Punta Toro virus

Virus classification
- (unranked): Virus
- Realm: Riboviria
- Kingdom: Orthornavirae
- Phylum: Negarnaviricota
- Class: Bunyaviricetes
- Order: Hareavirales
- Family: Phenuiviridae
- Genus: Phlebovirus
- Species: Phlebovirus toroense
- Strains: PTV-A; PTV-B;
- Synonyms: Punta Toro phlebovirus;

= Punta Toro virus =

Species of virus

Punta Toro virus is a member of the genus Phlebovirus of the family Phenuiviridae. It was initially isolated from patients in Colombia and two key patients in Panama. Two individual serotypes of PTV were isolated from these patients, PTV-Adames (A) and PTV-Balliet (B), with PTV-A appearing to be more virulent. PTV is considered to be relatively contained to the Americas with no cases being reported outside of this region. Along with a few other human pathogenic phleboviruses, PTV is considered to be a significant virus in terms of public health as little information is known about its clinical effects and with further research underway, PTV could have unforeseen impacts on health and virology.

== Structure ==
PTV possesses many structural characteristics typical of viruses in Phlebovirus. PTV has a helical nucleocapsid as well as an outer envelope.
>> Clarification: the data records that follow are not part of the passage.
Lemma regraft_key a b : regraft (edge_key a b).1 (edge_key a b).2 = regraft a b.
Proof. by rewrite /edge_key; case: (a < b); rewrite // regraft_comm. Qed.

Lemma edge_key_slot a b : pruned a b -> main_side a -> edge_key a b \in slots.
Proof.
move=> ab xa; rewrite /edge_key inE; case: ltngtP => /= [lt_ab | lt_ba | /val_inj abE].
- by rewrite ab xa.
- by rewrite pruned_sym ab (main_side_edge xa ab).
- by move: ab; rewrite abE pruned_irr.
Qed.

Lemma edge_key_neq a b c : a != b -> a != c -> edge_key a b != edge_key b c.
Proof.
move=> ab ac; apply/negP => /eqP keyE.
by have := edge_key_ends a a b; rewrite keyE edge_key_ends eqxx /= (negbTE ab) (negbTE ac).
Qed.

Lemma edge_key_share a b c : share_end (edge_key a b) (edge_key b c).
Proof.
have := edge_key_ends b a b; have := edge_key_ends b b c; rewrite eqxx orbT /share_end.
by case/orP=> /eqP <-; case/orP=> /eqP <-; rewrite eqxx ?orbT.
Qed.

Lemma slot_adj_sym : symmetric slot_adj.
Proof.
move=> q1 q2; rewrite /slot_adj /share_end [q2 == q1]eq_sym [q2.1 == _]eq_sym.
rewrite [q2.1 == q1.2]eq_sym [q2.2 == q1.1]eq_sym [q2.2 == q1.2]eq_sym.
by case: (q1 \in slots); case: (q2 \in slots); case: (q1 == q2);
  case: (q1.1 == q2.1); case: (q1.1 == q2.2); case: (q1.2 == q2.1); case: (q1.2 == q2.2).
Qed.

Lemma slot_adj_nni q1 q2 : slot_adj q1 q2 -> nni (regraft q1.1 q1.2) (regraft q2.1 q2.2).
Proof.
case: q1 q2 => [a1 b1] [a2 b2] /and4P[].
rewrite !inE /= => /and3P[ab1 x1 lt1] /and3P[ab2 x2 lt2] neq.
rewrite /share_end /= => /or4P[/eqP E | /eqP E | /eqP E | /eqP E].
- subst a2; rewrite regraft_comm; apply: regraft_nni => //; first by rewrite pruned_sym.
  by apply: contraNneq neq => ->.
- subst b2; rewrite regraft_comm [regraft a2 a1]regraft_comm.
  apply: regraft_nni => //; try by rewrite pruned_sym.
  by apply/eqP => E; move: (ltn_trans lt2 lt1); rewrite E ltnn.
- subst a2; apply: regraft_nni => //.
  by apply/eqP => E; move: (ltn_trans lt1 lt2); rewrite E ltnn.
- subst b2; rewrite [regraft a2 b1]regraft_comm; apply: regraft_nni => //.
  + exact: main_side_edge x1 ab1.
  + by rewrite pruned_sym.
  + by apply: contraNneq neq => ->.
Qed.

(* The line graph of the x-side is connected from the slot {x,y}: propagate,
   along the x-side, the property that all edges at a vertex are reachable. *)
Lemma slots_connected q : q \in slots -> connect slot_adj (edge_key x y) q.
Proof.
have xy_slot : edge_key x y \in slots.
  by apply: edge_key_slot; [rewrite /pruned /add_edge !eqxx orbT | exact: connect0].
pose D := [pred z | main_side z && [forall w, pruned z w ==> connect slot_adj (edge_key x y) (edge_key z w)]].
suff all_D z : main_side z -> D z.
  case: q => a b; rewrite inE /= => /and3P[ab xa lt_ab].
  by case/andP: (all_D a xa) => _ /forallP/(_ b); rewrite ab /edge_key lt_ab.
move=> xz; apply: (connect_invariant (D := D) _ _ xz).
  move=> v z' /andP[xv /forallP reach_v] /andP[vz' _].
  have xz' := main_side_edge xv vz'.
  rewrite /D /= xz'; apply/forallP => w; apply/implyP => z'w.
  have {reach_v} := implyP (reach_v z') vz'.
  have [-> | wv] := eqVneq w v; first by rewrite [edge_key z' v]edge_key_sym.
  move/connect_trans; apply; apply: connect1.
  have vz'_neq : v != z' by apply: contraTneq vz' => ->; rewrite pruned_irr.
  rewrite /slot_adj !edge_key_slot // edge_key_share edge_key_neq //.
  by rewrite eq_sym.
rewrite /D inE /main_side connect0 /=; apply/forallP => w; apply/implyP => xw.
have [-> | wy] := eqVneq w y; first exact: connect0.
apply: connect1; rewrite /slot_adj xy_slot edge_key_slot ?connect0 //=.
rewrite [edge_key x y]edge_key_sym edge_key_neq ?edge_key_share //; try by rewrite eq_sym.
exact: connect0.
Qed.

(* At most 4n slots: they are arcs of the pruned tree, which has two more
   arcs than T0 at most. *)
Lemma card_slots : #|slots| <= 4 * n.
Proof.
apply: (@leq_trans #|arcs pruned|).
  by apply: subset_leq_card; apply/subsetP => q; rewrite !inE => /and3P[].
apply: (@leq_trans #|arcs T0 :|: [set (x, y); (y, x)]|).
  apply: subset_leq_card; apply/subsetP => -[a b]; rewrite !inE /pruned /add_edge /del_edge /=.
  by case/or3P=> [/andP[/andP[-> _] _] | /andP[/eqP-> /eqP->] | /andP[/eqP-> /eqP->]];
    rewrite ?eqxx ?orbT.
apply: leq_trans (leq_card_setU _ _) _.
rewrite card_arcs_phylo // cards2; have := n2.
by case: (_ != _) => /=; lia.
Qed.

Lemma pruning_walk : exists l : seq (rel (vtx n)),
  [/\ prop_path (@nni n) T0 l, last T0 l = T0, size l <= 8 * n &
      forall a b, pruned a b -> main_side a -> List.In (regraft a b) (T0 :: l)].
Proof.
have xy_slot : edge_key x y \in slots.
  by apply: edge_key_slot; [rewrite /pruned /add_edge !eqxx orbT | exact: connect0].
have slots_closed q1 q2 : q1 \in slots -> slot_adj q1 q2 -> q2 \in slots.
  by move=> _ /and4P[].
have [l [walk_l last_l size_l cover_l]] :=
  closed_cover_walk slot_adj_sym slots_connected slots_closed xy_slot.
pose tree_of (q : vtx n * vtx n) := regraft q.1 q.2.
have start : tree_of (edge_key x y) = T0 by rewrite /tree_of regraft_key regraft_xy.
exists (map tree_of l); split.
- rewrite -start; elim: l (edge_key x y) walk_l {last_l size_l cover_l} => //= q l IH q0.
  by case/andP=> adj walk; split; [exact: slot_adj_nni | exact: IH].
- by rewrite -start last_map last_l.
- rewrite size_map; apply: leq_trans size_l _.
  have := card_slots; move: #|slots| => k; lia.
- move=> a b ab xa; rewrite -regraft_key -/(tree_of _) -start -/(map tree_of (_ :: l)).
  exact/In_map/cover_l/edge_key_slot.
Qed.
On the viral envelope PTV has two major glycoproteins, Gn and Gc, that function in host-cell binding and entry. Within the genus Phlebovirus, these glycoproteins form a characteristic icosahedral lattice with a triangulation number of T=12. Due to this structure, PTV appears as a relatively spherical particle when viewed in an electron micrograph with a diameter from 80 to 120 nm.

== Genome ==
The genome structure of PTV is negative sense, linear segmented RNA genome. The genome consists of three individual segments or varying length: S (1.7kb), M (3.2kb), and L (6.4kb) that encode for a total of six viral proteins. In terms of gene expression, PTV operates by using a strong hairpin sequence on the terminal end of each segment, coupled with the use of ambisense for the S segment and leaky scanning for the M segment. The process of transcription takes place in the host cell cytoplasm with the use of an RNA-dependent RNA polymerase, and enters replication after enough nucleoprotein has built up to form new intact virus particles.

== Clinical ==
PTV is a member of the phlebotomus fever subgroup of phleboviruses, and as the name suggests, causes an acute febrile illness. Acute febrile illness in humans is characterized by a rapid onset of fever that is often accompanied by secondary symptoms such as a headache, chills, myalgias and arthralgias. This illness will last for about 2–5 days and is not considered to be highly virulent in humans, however, testing in Syrian hamsters has revealed high virulence for the PTV-A serotype and a low virulence for the PTV-B serotype. Although relatively low numbers of human infection with this virus have been reported, the virus is of public health interest and further research will need to be conducted.